You are viewing a plain text version of this content. The canonical link for it is here.
Posted to solr-user@lucene.apache.org by Sourav Moitra <so...@gmail.com> on 2018/10/08 01:28:41 UTC

Deciding on the number of Shards and Replica

Hello all,

I am Solr newbie. I am trying to setup three servers running both
Zookeeper ensemble and Solr in cloud mode. Each server has 4 core and
16gb of RAM. To start with I have put Xmx value of 6144M to Zookeeper
and Xmx value of 2048 to Solr.We have created 3 shards and 3 replica
each. The size of each replica turned out to be 3GB each and I am
planning to host multiple such collection.

Now my question is what are the problems do you see with this kind of setup ?
How can I improve the setup ?
What is the rule of thumb for number of Shards and replicas ?
Is there any correlation between number of servers vs number of shards
and replicas ?

Thank you for looking into this.

Sourav Moitra
https://souravmoitra.com

Re: Deciding on the number of Shards and Replica

Posted by Shawn Heisey <ap...@elyograg.org>.
On 10/7/2018 7:28 PM, Sourav Moitra wrote:
> I am Solr newbie. I am trying to setup three servers running both
> Zookeeper ensemble and Solr in cloud mode. Each server has 4 core and
> 16gb of RAM. To start with I have put Xmx value of 6144M to Zookeeper
> and Xmx value of 2048 to Solr.We have created 3 shards and 3 replica
> each.
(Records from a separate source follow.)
Lemma big_lincomb (R : pzRingType) (n : nat) (a : R) (F G H : 'I_n -> R) :
  (forall j, a * F j + G j = H j) -> a * \sum_j F j + \sum_j G j = \sum_j H j.
Proof. by move=> h; rewrite mulr_sumr -big_split; apply: eq_bigr => j _; apply: h. Qed.

Section NodalFunctions.
Variables (R : rcfType) (N : nat).
Local Notation P := (P1 R N).
Local Notation nd := (nd N).

(* [P] is not an R-module in the library (only [R^o] is), hence [lcomb]. *)
Definition lcomb (a : R) (u v : P) : P := [ffun i => a * u i + v i].

Definition nodal (k : 'I_N.+1) : P := [ffun i => (i == k)%:R].

Lemma lcomb1l u : lcomb 1 u 0 = u.
Proof. by apply/ffunP => i; rewrite !ffunE mul1r addr0. Qed.

Lemma lcomb1r v : lcomb 1 0 v = v.
Proof. by apply/ffunP => i; rewrite !ffunE mulr0 add0r. Qed.

Lemma lcomb0 a : lcomb a 0 0 = 0.
Proof. by apply/ffunP => i; rewrite !ffunE mulr0 addr0. Qed.

Lemma lcombN1 u v : lcomb (-1) u v = v - u.
Proof. by apply/ffunP => i; rewrite !ffunE mulN1r addrC. Qed.

Lemma nodal_expansion (F : P -> R) :
  (forall a u v, F (lcomb a u v) = a * F u + F v) ->
  forall u, F u = \sum_k u k * F (nodal k).
Proof.
move=> Flin u.
have F0 : F 0 = 0.
  by apply: (addrI (F 0)); rewrite addr0 -{3}(lcomb0 1) Flin mul1r.
have partial (r : seq 'I_N.+1) :
    F [ffun i => \sum_(k <- r) u k * nodal k i] = \sum_(k <- r) u k * F (nodal k).
  elim: r => [|k r IH]; last rewrite big_cons -IH -Flin.
    by rewrite big_nil -F0; congr F; apply/ffunP => i; rewrite !ffunE big_nil.
  by congr F; apply/ffunP => i; rewrite !ffunE big_cons ffunE.
rewrite -partial; congr F; apply/ffunP => i; rewrite ffunE (bigD1 i) //= ffunE eqxx mulr1.
by rewrite big1 ?addr0 // => k /negbTE ki; rewrite ffunE eq_sym ki mulr0.
Qed.

Lemma nd_eq a b : (a <= N)%N -> (b <= N)%N -> (nd a == nd b) = (a == b).
Proof. by move=> ha hb; rewrite -val_eqE /= !inordK. Qed.

Lemma sum_edges_at_node (F : nat -> R) (i : nat) : (i <= N)%N ->
  \sum_(j < N) F j * (nodal (nd i) (nd j.+1) + nodal (nd i) (nd j)) =
  (if (0 < i)%N then F i.-1 else 0) + (if (i < N)%N then F i else 0).
Proof.
move=> iN; rewrite (eq_bigr _ (fun j _ => mulrDr _ _ _)) big_split /=.
have pick k : (k < N)%N -> \sum_(j < N) F j * (j == k :> nat)%:R = F k.
  move=> kN; rewrite (bigD1 (Ordinal kN)) //= eqxx mulr1 big1 ?addr0 // => j.
  by rewrite -val_eqE /= => /negbTE ->; rewrite mulr0.
have jN (j : 'I_N) : (j <= N)%N by apply: ltnW.
congr (_ + _).
- case: i iN => [|i] iN.
    by rewrite big1 // => j _; rewrite ffunE nd_eq // mulr0.
  by rewrite -pick //; apply: eq_bigr => j _; rewrite ffunE nd_eq ?eqSS.
- case: ltnP => [iN'|Ni].
    by rewrite -pick //; apply: eq_bigr => j _; rewrite ffunE nd_eq.
  rewrite big1 // => j _; rewrite ffunE nd_eq // ltn_eqF ?mulr0 //.
  exact: leq_trans (ltn_ord j) Ni.
Qed.

Lemma edx_eq0_const (f : P) : (forall j, (j < N)%N -> edx f j = 0) ->
  forall i, f i = f (nd 0).
Proof.
move=> h i.
suff fnd j : (j <= N)%N -> f (nd j) = f (nd 0).
  by rewrite -(fnd i (ltn_ord i)) /Defs.nd inord_val.
elim: j => [//|j IH hj].
by have /eqP := h j hj; rewrite subr_eq0 => /eqP ->; apply/IH/ltnW.
Qed.

End NodalFunctions.

Arguments nodal {R N}.

Section Scheme.
Variables (R : rcfType) (N : nat).
Local Notation P := (P1 R N).
Local Notation nd := (nd N).
Variables (xt yt : P) (eta tau : R).

Definition lump_at (g : nat -> 'I_N.+1 -> R) (j : nat) : R :=
  2^-1 * (elen xt yt j * (g j (nd j.+1) + g j (nd j))).

Definition grad_at (u v : P) (j : nat) : R :=
  hmesh R N * (ds xt yt u j * ds xt yt v j) * (elen xt yt j / hmesh R N).

Definition pc_res1 (xm ym km x y k psi : P) : R :=
  \sum_(j < N)
    (lump_at (fun j i => ((x i - xm i) / tau * nrm1 xt yt j
                         + (y i - ym i) / tau * nrm2 xt yt j) * psi i) j
     + grad_at (avg k km) psi j).

Definition pc_bdry (sigma : R) (xm x w1 : P) : R :=
  sigma * (w1 (nd N) - w1 (nd 0))
  - (eta * tau)^-1 * ((x (nd 0) - xm (nd 0)) * w1 (nd 0)
                      + (x (nd N) - xm (nd N)) * w1 (nd N)).

Definition pc_res2 (sigma : R) (xm ym km x y k w1 w2 : P) : R :=
  \sum_(j < N)
    (lump_at (fun j i => avg k km i * (nrm1 xt yt j * w1 i + nrm2 xt yt j * w2 i)) j
     - (grad_at (avg x xm) w1 j + grad_at (avg y ym) w2 j))
  + pc_bdry sigma xm x w1.

Lemma PCZJB_residuals sigma xm ym km x y k :
  PCZJB eta sigma tau xm ym km xt yt x y k <->
  [/\ K0 y, forall psi, pc_res1 xm ym km x y k psi = 0
          & forall w1 w2, K0 w2 -> pc_res2 sigma xm ym km x y k w1 w2 = 0].
Proof.
have res1E psi : pc_res1 xm ym km x y k psi =
    ip_lump xt yt (fun j i => ((x i - xm i) / tau * nrm1 xt yt j
                              + (y i - ym i) / tau * nrm2 xt yt j) * psi i)
    + ip_grad xt yt (avg k km) psi.
  by rewrite /pc_res1 big_split /= -mulr_sumr.
have res2E w1 w2 : pc_res2 sigma xm ym km x y k w1 w2 =
    ip_lump xt yt (fun j i => avg k km i * (nrm1 xt yt j * w1 i + nrm2 xt yt j * w2 i))
    - (ip_grad xt yt (avg x xm) w1 + ip_grad xt yt (avg y ym) w2)
    + sigma * (w1 (nd N) - w1 (nd 0))
    - (eta * tau)^-1 * ((x (nd 0) - xm (nd 0)) * w1 (nd 0)
                        + (x (nd N) - xm (nd N)) * w1 (nd N)).
  by rewrite /pc_res2 /pc_bdry sumrB big_split /= -mulr_sumr !addrA.
split=> [[y0 [eq1 eq2]]|[y0 eq1 eq2]].
  by split=> // [psi|w1 w2 w20]; rewrite ?res1E ?res2E ?eq1 ?eq2.
by split=> //; split=> [psi|w1 w2 w20]; rewrite -?res1E -?res2E ?eq1 ?eq2.
Qed.

Lemma pc_res1_linear a xm ym km x y k xm' ym' km' x' y' k' psi :
  pc_res1 (lcomb a xm xm') (lcomb a ym ym') (lcomb a km km')
          (lcomb a x x') (lcomb a y y') (lcomb a k k') psi =
  a * pc_res1 xm ym km x y k psi + pc_res1 xm' ym' km' x' y' k' psi.
Proof.
symmetry; apply: big_lincomb => j.
by rewrite /lump_at /grad_at /ds /edx /avg /lcomb !ffunE; ring.
Qed.

Lemma pc_res2_linear a sigma xm ym km x y k sigma' xm' ym' km' x' y' k' w1 w2 :
  pc_res2 (a * sigma + sigma') (lcomb a xm xm') (lcomb a ym ym') (lcomb a km km')
          (lcomb a x x') (lcomb a y y') (lcomb a k k') w1 w2 =
  a * pc_res2 sigma xm ym km x y k w1 w2 + pc_res2 sigma' xm' ym' km' x' y' k' w1 w2.
Proof.
rewrite /pc_res2 mulrDr addrACA; congr (_ + _).
  symmetry; apply: big_lincomb => j.
  by rewrite /lump_at /grad_at /ds /edx /avg /lcomb !ffunE; ring.
by rewrite /pc_bdry /lcomb !ffunE; ring.
Qed.

Lemma pc_res1_test_linear xm ym km x y k a u v :
  pc_res1 xm ym km x y k (lcomb a u v) =
  a * pc_res1 xm ym km x y k u + pc_res1 xm ym km x y k v.
Proof.
symmetry; apply: big_lincomb => j.
by rewrite /lump_at /grad_at /ds /edx /avg /lcomb !ffunE; ring.
Qed.

Lemma pc_res2_test_linear sigma xm ym km x y k a u1 u2 v1 v2 :
  pc_res2 sigma xm ym km x y k (lcomb a u1 v1) (lcomb a u2 v2) =
  a * pc_res2 sigma xm ym km x y k u1 u2 + pc_res2 sigma xm ym km x y k v1 v2.
Proof.
rewrite /pc_res2 mulrDr addrACA; congr (_ + _).
  symmetry; apply: big_lincomb => j.
  by rewrite /lump_at /grad_at /ds /edx /avg /lcomb !ffunE; ring.
by rewrite /pc_bdry /lcomb !ffunE; ring.
Qed.


Hypothesis N_gt0 : (0 < N)%N.
Hypothesis elen_gt0 : forall j, (j < N)%N -> 0 < elen xt yt j.

Lemma hmesh_neq0 : hmesh R N != 0.
Proof. by rewrite invr_eq0 pnatr_eq0 -lt0n. Qed.

Lemma grad_at_diag u j : (j < N)%N -> grad_at u u j = edx u j ^+ 2 / elen xt yt j.
Proof. by move=> jN; rewrite /grad_at /ds; field; rewrite hmesh_neq0 gt_eqF ?elen_gt0. Qed.

Lemma grad_at_diag_ge0 u j : (j < N)%N -> 0 <= grad_at u u j.
Proof. by move=> jN; rewrite grad_at_diag // divr_ge0 ?sqr_ge0 ?ltW ?elen_gt0. Qed.

Lemma ip_grad_ge0 u : 0 <= ip_grad xt yt u u.
Proof. by apply: sumr_ge0 => j _; apply: grad_at_diag_ge0. Qed.

Lemma ip_grad_eq0_const u : ip_grad xt yt u u = 0 -> forall i, u i = u (nd 0).
Proof.
move=> G0; apply: edx_eq0_const => j jN.
have /= := @psumr_eq0P _ _ _ _ (fun i _ => grad_at_diag_ge0 u (ltn_ord i)) G0
  (Ordinal jN) isT.
rewrite grad_at_diag // => /eqP; rewrite mulf_eq0 invr_eq0 (gt_eqF (elen_gt0 jN)) orbF.
by rewrite sqrf_eq0 => /eqP.
Qed.

Hypothesis tau_gt0 : 0 < tau.
(* The radial and vertical channels are decoupled scalar equations
   x' = -a x, and the phase channel is handled through the phase gaps
   g_i = phi_{i+1} - phi_i (+ 2 PI across the wrap-around) minus their
   equilibrium value 2 PI / n.  Along solutions the gaps obey a closed
   linear system on the cycle, they always sum to zero, and both the phase
   averaging error and the phase velocity error are linear in g_i, g_{i-1}. *)

From Stdlib Require Import Reals Lra Lia FunctionalExtensionality.
Open Scope R_scope.

Fixpoint rsum (f : nat -> R) (k : nat) : R :=
  match k with O => 0 | S k => rsum f k + f k end.

Lemma rsum_ext f g k :
  (forall i, (i < k)%nat -> f i = g i) -> rsum f k = rsum g k.
Proof.
  induction k as [|k IH]; intros H; simpl; [reflexivity|].
  rewrite IH, H by (try intros; try apply H; lia). reflexivity.
Qed.

Lemma rsum_le f g k :
  (forall i, (i < k)%nat -> f i <= g i) -> rsum f k <= rsum g k.
Proof.
  induction k as [|k IH]; intros H; simpl; [lra|].
  assert (rsum f k <= rsum g k) by (apply IH; intros; apply H; lia).
  assert (f k <= g k) by (apply H; lia). lra.
Qed.

Lemma rsum_plus f g k : rsum (fun i => f i + g i) k = rsum f k + rsum g k.
Proof. induction k; simpl; lra. Qed.

Lemma rsum_scal a f k : rsum (fun i => a * f i) k = a * rsum f k.
Proof. induction k as [|k IH]; simpl; [ring|rewrite IH; ring]. Qed.

Lemma rsum_const c k : rsum (fun _ => c) k = INR k * c.
Proof. induction k as [|k IH]; simpl rsum; [simpl; ring|rewrite IH, S_INR; ring]. Qed.

Lemma rsum_nonneg f k : (forall i, (i < k)%nat -> 0 <= f i) -> 0 <= rsum f k.
Proof. intros H. rewrite <- (Rmult_0_r (INR k)), <- rsum_const. now apply rsum_le. Qed.

Lemma rsum_mono f k k' :
  (forall i, (i < k')%nat -> 0 <= f i) -> (k <= k')%nat -> rsum f k <= rsum f k'.
Proof.
  intros H Hk. induction Hk as [|m Hk IH]; simpl; [lra|].
  assert (0 <= f m) by (apply H; lia).
  assert (rsum f k <= rsum f m) by (apply IH; intros; apply H; lia). lra.
Qed.

Lemma rsum_term f k j :
  (forall i, (i < k)%nat -> 0 <= f i) -> (j < k)%nat -> f j <= rsum f k.
Proof.
  intros H Hj. apply Rle_trans with (rsum f (S j)).
  - simpl. assert (0 <= rsum f j) by (apply rsum_nonneg; intros; apply H; lia). lra.
  - apply rsum_mono; auto.
Qed.

Lemma rsum_abs f k : Rabs (rsum f k) <= rsum (fun i => Rabs (f i)) k.
Proof.
  induction k; simpl; [rewrite Rabs_R0; lra|].
  eapply Rle_trans; [apply Rabs_triang|lra].
Qed.

Lemma rsum_shift f k : rsum f (S k) = f 0%nat + rsum (fun i => f (S i)) k.
Proof. induction k as [|k IH]; [simpl; ring|]. change (rsum f (S (S k))) with (rsum f (S k) + f (S k)). rewrite IH. simpl. ring. Qed.

Definition next (n i : nat) : nat := if Nat.eqb i (n - 1) then 0%nat else S i.
Definition prev (n i : nat) : nat := if Nat.eqb i 0 then (n - 1)%nat else (i - 1)%nat.

Lemma next_lt n i : (i < n)%nat -> (next n i < n)%nat.
Proof. unfold next; destruct (Nat.eqb_spec i (n - 1)); lia. Qed.

Lemma prev_lt n i : (i < n)%nat -> (prev n i < n)%nat.
Proof. unfold prev; destruct (Nat.eqb_spec i 0); lia. Qed.

Lemma prev_next n i : (i < n)%nat -> prev n (next n i) = i.
Proof. unfold next, prev; destruct (Nat.eqb_spec i (n - 1)); simpl; lia. Qed.

Lemma rsum_next F n : (1 <= n)%nat -> rsum (fun i => F (next n i)) n = rsum F n.
Proof.
  intros Hn. destruct n as [|m]; [lia|].
  simpl rsum at 1. rewrite rsum_shift, (rsum_ext _ (fun i => F (S i))).
  - unfold next. replace (S m - 1)%nat with m by lia. rewrite Nat.eqb_refl. ring.
  - intros i Hi. unfold next. destruct (Nat.eqb_spec i (S m - 1)); [lia|reflexivity].
Qed.

Lemma rsum_telescope F n : (1 <= n)%nat -> rsum (fun i => F (next n i) - F i) n = 0.
Proof.
  intros Hn. rewrite (rsum_ext _ (fun i => F (next n i) + (-1) * F i)) by (intros; ring).
  rewrite rsum_plus, rsum_scal, rsum_next by assumption. ring.
Qed.

Section CyclicPoincare.

Variables (n : nat) (h : nat -> R).
Hypothesis (Hn : (1 <= n)%nat).

Let d (i : nat) : R := h (next n i) - h i.
Let D : R := rsum (fun i => Rabs (d i)) n.
Let M : R := rsum (fun i => d i ^ 2) n.

Lemma value_as_prefix i : (i < n)%nat -> h i = h 0%nat + rsum d i.
Proof.
  induction i as [|i IH]; intros Hi; simpl; [ring|].
  assert (Hd : d i = h (S i) - h i)
    by (unfold d, next; destruct (Nat.eqb_spec i (n - 1)); [lia|reflexivity]).
  rewrite Hd. specialize (IH ltac:(lia)). lra.
Qed.

Lemma zero_sum_bound : rsum h n = 0 -> forall i, (i < n)%nat -> Rabs (h i) <= 2 * D.
Proof.
  intros Hsum.
  assert (Hpre : forall i, (i < n)%nat -> Rabs (rsum d i) <= D).
  { intros i Hi. eapply Rle_trans; [apply rsum_abs|].
    apply rsum_mono; [intros; apply Rabs_pos|lia]. }
  assert (Hn' : 0 < INR n) by (apply lt_0_INR; lia).
  assert (Hh0 : Rabs (h 0%nat) <= D).
  { rewrite (rsum_ext h (fun i => h 0%nat + rsum d i)), rsum_plus, rsum_const in Hsum
      by exact value_as_prefix.
    assert (Rabs (rsum (rsum d) n) <= INR n * D).
    { eapply Rle_trans; [apply rsum_abs|]. rewrite <- rsum_const.
      apply rsum_le; intros; apply Hpre; lia. }
    replace (h 0%nat) with (- rsum (rsum d) n / INR n) by (field_simplify_eq; lra).
    unfold Rdiv. rewrite Rabs_mult, Rabs_Ropp, Rabs_inv, (Rabs_pos_eq (INR n)) by lra.
    apply Rmult_le_reg_l with (INR n); [lra|]. field_simplify; lra. }
  intros i Hi. rewrite value_as_prefix by assumption.
  eapply Rle_trans; [apply Rabs_triang|]. specialize (Hpre i Hi). lra.
Qed.

(* Each difference is bounded by the root of the sum of squares, so D <= n sqrt M. *)
Lemma variation_bound : D <= INR n * sqrt M.
Proof.
  unfold D. rewrite <- rsum_const. apply rsum_le. intros k Hk.
  rewrite <- sqrt_Rsqr_abs. apply sqrt_le_1_alt. unfold Rsqr.
  replace (d k * d k) with (d k ^ 2) by ring.
  apply (rsum_term (fun i => d i ^ 2)); auto. intros; apply pow2_ge_0.
Qed.

Lemma cyclic_poincare :
  rsum h n = 0 -> rsum (fun i => h i ^ 2) n <= 4 * INR n ^ 3 * M.
Proof.
  intros Hsum.
  assert (HM : 0 <= M) by (apply rsum_nonneg; intros; apply pow2_ge_0).
  assert (Hpoint : forall i, (i < n)%nat -> h i ^ 2 <= 4 * INR n ^ 2 * M).
  { intros i Hi. rewrite <- (pow2_abs (h i)).
    replace (4 * INR n ^ 2 * M) with ((2 * INR n * sqrt M) ^ 2)
      by (rewrite Rpow_mult_distr, pow2_sqrt by exact HM; ring).
    apply pow_incr. split; [apply Rabs_pos|].
    pose proof (zero_sum_bound Hsum i Hi). pose proof variation_bound. lra. }
  eapply Rle_trans; [apply rsum_le; exact Hpoint|]. rewrite rsum_const. lra.
Qed.

End CyclicPoincare.

Lemma deriv_ext f g t l l' :
  derivable_pt_lim f t l -> (forall x, f x = g x) -> l = l' -> derivable_pt_lim g t l'.
Proof. intros H E El. replace g with f by (apply functional_extensionality; auto). now subst. Qed.

Lemma deriv_sq f t l :
  derivable_pt_lim f t l -> derivable_pt_lim (fun x => f x ^ 2) t (2 * f t * l).
Proof.
  intros H. eapply deriv_ext; [apply (derivable_pt_lim_mult f f t l l H H)|intros; unfold mult_fct; ring|ring].
Qed.

Lemma deriv_exp_lin a t : derivable_pt_lim (fun x => exp (a * x)) t (a * exp (a * t)).
Proof.
  eapply deriv_ext.
  - apply (derivable_pt_lim_comp (fun x => a * x) exp t a).
    + eapply deriv_ext; [apply (derivable_pt_lim_scal id a t 1), derivable_pt_lim_id|reflexivity|ring].
    + apply derivable_pt_lim_exp.
  - reflexivity.
  - ring.
Qed.

Lemma deriv_rsum (F : nat -> R -> R) F' k t :
  (forall i, (i < k)%nat -> derivable_pt_lim (F i) t (F' i)) ->
  derivable_pt_lim (fun x => rsum (fun i => F i x) k) t (rsum F' k).
Proof.
  induction k as [|k IH]; intros H; simpl.
  - apply derivable_pt_lim_const.
  - apply derivable_pt_lim_plus; [apply IH; intros; apply H; lia|apply H; lia].
Qed.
The size of each replica turned out to be 3GB each and I am
> planning to host multiple such collection.
>
> Now my question is what are the problems do you see with this kind of setup ?
> How can I improve the setup ?
> What is the rule of thumb for number of Shards and replicas ?
> Is there any correlation between number of servers vs number of shards
> and replicas ?

In a nutshell: There are no generic answers, no rule of thumb.  None at all.

https://lucidworks.com/2012/07/23/sizing-hardware-in-the-abstract-why-we-dont-have-a-definitive-answer/

With some more detailed information, we can provide a GUESS about how 
you should size things.  But that's all it will be, and it could be a 
completely wrong guess.

Why are you giving 6GB of memory to zookeeper?  Unless you're going to 
have a LOT of shard replicas and servers in your cloud, I can't imagine 
each ZK server needing more than about 512MB, and it might even run with 
far less.

Some questions that will be important to answer:

How many documents are in that 3GB shard replica?  How much index data 
(both document count and size on disk) do you expect each machine to be 
handling?  16GB might be nowhere near enough total memory for the 
system, but without more information I can't even guess about that.

Do you know how many queries per second the cloud is likely to receive?

I saw a nearly identical question on the IRC channel a couple of hours 
ago.  I had to leave, and when I made it back, the person asking the 
question had left.

Thanks,
Shawn